Stored data entries
================================

Lemma expR_tangent {R : realType} (x y : R) : expR x * (1 + (y - x)) <= expR y.
Proof.
have -> : expR y = expR x * expR (y - x) by rewrite -expRD addrC subrK.
by apply: ler_wpM2l; [exact: expR_ge0 | exact: expR_ge1Dx].
Qed.

(* A crude numerical bound, obtained from 1 - 1/4 <= exp (-1/4). *)
Lemma expR_quarter {R : realType} : expR (1/4 : R) <= 4/3.
Proof.
have tangent := expR_ge1Dx (- (1/4) : R).
have inverse : expR (1/4 : R) * expR (- (1/4)) = 1 by rewrite -expRD subrr expR0.
by have := expR_gt0 (1/4 : R); nra.
Qed.

(* Euclidean geometry of R^d through the inner product dotv and the norm enorm,
   and its link with the max-norm of the normed space 'rV[R]_d in which the
   differential 'd is taken. *)
Section Euclid.
Context {R : realType} {d : nat}.
Implicit Types u v w h : 'rV[R]_d.

Lemma dotvC u v : dotv u v = dotv v u.
Proof. by apply: eq_bigr => i _; rewrite mulrC. Qed.

Lemma dotvDr u v w : dotv u (v + w) = dotv u v + dotv u w.
Proof. by rewrite /dotv -big_split; apply: eq_bigr => i _; rewrite mxE mulrDr. Qed.

Lemma dotvZr u v (k : R) : dotv u (k *: v) = k * dotv u v.
Proof. by rewrite /dotv mulr_sumr; apply: eq_bigr => i _; rewrite mxE mulrCA. Qed.

Lemma dotvDl u v w : dotv (v + w) u = dotv v u + dotv w u.
Proof. by rewrite dotvC dotvDr !(dotvC u). Qed.

Lemma dotvZl u v (k : R) : dotv (k *: v) u = k * dotv v u.
Proof. by rewrite dotvC dotvZr dotvC. Qed.

Lemma dotvNr u v : dotv u (- v) = - dotv u v.
Proof. by rewrite -scaleN1r dotvZr mulN1r. Qed.

Lemma dotvNl u v : dotv (- v) u = - dotv v u.
Proof. by rewrite dotvC dotvNr dotvC. Qed.

Lemma dotvv_ge0 u : 0 <= dotv u u.
Proof. by apply: sumr_ge0 => i _; rewrite -expr2 sqr_ge0. Qed.

Lemma enorm_ge0 u : 0 <= enorm u.
Proof. exact: sqrtr_ge0. Qed.

Lemma enorm_sq u : enorm u ^+ 2 = dotv u u.
Proof. by rewrite /enorm sqr_sqrtr // dotvv_ge0. Qed.

Lemma dotvv_eq0 u : dotv u u = 0 -> forall v, dotv u v = 0.
Proof.
move=> u0 v; have sq_ge0 (i : 'I_d) : true -> 0 <= u ord0 i * u ord0 i.
  by move=> _; rewrite -expr2 sqr_ge0.
rewrite /dotv big1 // => i _.
have := psumr_eq0P sq_ge0 u0 => /(_ i isT) /eqP.
by rewrite mulf_eq0 orbb => /eqP ->; rewrite mul0r.
Qed.

(* Cauchy-Schwarz, from the nonnegativity of |B u - C v|^2 with B = <v,v>, C = <u,v>. *)
Lemma cauchy_schwarz u v : dotv u v <= enorm u * enorm v.
Proof.
set A := dotv u u; set B := dotv v v; set C := dotv u v.
have A0 : 0 <= A by exact: dotvv_ge0.
have B0 : 0 <= B by exact: dotvv_ge0.
have [C0|C0] := lerP C 0; first by rewrite (le_trans C0) ?mulr_ge0 ?enorm_ge0.
suff CAB : C ^+ 2 <= A * B.
  rewrite /enorm -/A -/B -sqrtrM // -(ger0_norm (ltW C0)) -sqrtr_sqr.
  by rewrite ler_sqrt // mulr_ge0.
have [B_eq0|B_neq0] := eqVneq B 0.
  by rewrite /C dotvC (dotvv_eq0 _ B_eq0) expr0n /= B_eq0 mulr0.
have key := dotvv_ge0 (B *: u - C *: v).
have expand : dotv (B *: u - C *: v) (B *: u - C *: v) = B * (B * A - C ^+ 2).
  rewrite -[- (C *: v)]scaleNr !(dotvDl, dotvDr, dotvZl, dotvZr).
  by rewrite -/A -/B -/C (dotvC v u) -/C; ring.
rewrite expand in key.
have B_gt0 : 0 < B by rewrite lt0r B_neq0 B0.
have : 0 <= B * A - C ^+ 2 by rewrite -(pmulr_rge0 _ B_gt0).
nra.
Qed.

Lemma coord_le_norm h (i : 'I_d) : `|h ord0 i| <= `|h|.
Proof.
have /mapP[j _ ->] : `|h ord0 i| \in [seq `|h x.1 x.2| | x : 'I_1 * 'I_d].
  by apply/mapP; exists (ord0, i) => //=; rewrite mem_enum.
by rewrite [leRHS]/Num.norm /= mx_normrE; apply/bigmax_geP; right; exists j.
Qed.

Lemma dotvv_le_norm h : dotv h h <= d%:R * `|h| ^+ 2.
Proof.
rewrite /dotv mulr_natl -[in X in _ *+ X](card_ord d) -sumr_const.
apply: ler_sum => i _; rewrite -expr2 -real_normK ?num_real //.
by rewrite lerXn2r ?nnegrE ?normr_ge0 // coord_le_norm.
Qed.

Lemma dotv_le_norm v h : `|dotv v h| <= (\sum_(i < d) `|v ord0 i|) * `|h|.
Proof.
rewrite /dotv mulr_suml; apply: le_trans (ler_norm_sum _ _ _) _.
apply: ler_sum => i _; rewrite normrM ler_wpM2l //; exact: coord_le_norm.
Qed.

End Euclid.

Section RadialForm.
Context {R : realType} {d : nat}.
Variables (k : R) (v : 'rV[R]_d).

Definition radial_form : 'rV[R]_d -> R^o := fun h => k * dotv v h.

Lemma radial_form_linear : linear_for *:%R radial_form.
Proof.
move=> c x y; rewrite /radial_form dotvDr dotvZr /=.
by rewrite /GRing.scale /= mulrDr mulrCA.
Qed.

HB.instance Definition _ :=
  GRing.isLinear.Build R 'rV[R]_d R^o *:%R radial_form radial_form_linear.

Lemma radial_form_continuous : continuous radial_form.
Proof.
apply: bounded_linear_continuous; apply/linear_boundedP.
exists (`|k| * \sum_(i < d) `|v ord0 i|); split; first exact: num_real.
move=> r r_gt x; rewrite /radial_form normrM.
apply: le_trans (_ : `|k| * ((\sum_(i < d) `|v ord0 i|) * `|x|) <= _).
  by rewrite ler_wpM2l // dotv_le_norm.
by rewrite mulrA ler_wpM2r // ltW.
Qed.

End RadialForm.

Lemma diff_quadratic_error {R : realType} {d : nat} (f : 'rV[R]_d -> R^o)
    (x : 'rV[R]_d) (df : {linear 'rV[R]_d -> R^o}) (C : R) :
  0 <= C -> continuous df ->
  (forall h, `|f (h + x) - f x - df h| <= C * dotv h h) ->
  'd f x = df :> ('rV[R]_d -> R^o).
Proof.
move=> C0 df_cont err; apply: diff_unique => //.
apply/eqaddoP => eps eps0 /=.
suff : \forall h \near (0 : 'rV[R]_d), `|f (h + x) - f x - df h| <= eps * `|h|.
  by apply: filterS => h; rewrite !fctE /= opprD addrA.
have Cd0 : 0 <= C * d%:R by apply: mulr_ge0.
apply/nbhs_norm0P; exists (eps / (C * d%:R + 1)).
  by apply: divr_gt0 => //; apply: ltr_pwDr.
move=> h /= h_small; apply: le_trans (err h) _.
have n0 : 0 <= `|h| by exact: normr_ge0.
have h_eps : `|h| * (C * d%:R + 1) <= eps.
  by rewrite -ler_pdivlMr; [exact: ltW | apply: ltr_pwDr].
apply: le_trans (_ : C * (d%:R * `|h| ^+ 2) <= _).
  by rewrite ler_wpM2l // dotvv_le_norm.
apply: le_trans (_ : `|h| * (C * d%:R + 1) * `|h| <= _); last exact: ler_wpM2r.
by rewrite expr2; have := mulr_ge0 n0 n0; nra.
Qed.

Lemma min1inv_max {R : realType} (M : R) : 0 <= M -> min1inv M * Num.max 1 M = 1.
Proof.
move=> M0; rewrite /min1inv; have [->|M_neq0] := eqVneq M 0; first by rewrite max_l ?mul1r.
have M_gt0 : 0 < M by rewrite lt0r M_neq0 M0.
have [M1|M1] := lerP M 1.
  by rewrite mulr1 min_l // -[1]invr1 lef_pV2 ?posrE.
by rewrite min_r ?mulVf // -[1]invr1 lef_pV2 ?posrE // ltW.
Qed.

Lemma min1inv_ge0 {R : realType} (M : R) : 0 <= M -> 0 <= min1inv M.
Proof.
move=> M0; have := min1inv_max _ M0; have : 1 <= Num.max 1 M by rewrite le_max lexx.
by move=> ? ?; nra.
Qed.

================================

> [Activity]:
Reproduce exactly the lines above from the line with "rewrite /dotv mulr_natl" to the line with "rewrite /dotv mulr_suml;", including both, and add nothing.

> [Result for this exercise]:
rewrite /dotv mulr_natl -[in X in _ *+ X](card_ord d) -sumr_const.
apply: ler_sum => i _; rewrite -expr2 -real_normK ?num_real //.
by rewrite lerXn2r ?nnegrE ?normr_ge0 // coord_le_norm.
Qed.

Lemma dotv_le_norm v h : `|dotv v h| <= (\sum_(i < d) `|v ord0 i|) * `|h|.
Proof.
rewrite /dotv mulr_suml; apply: le_trans (ler_norm_sum _ _ _) _.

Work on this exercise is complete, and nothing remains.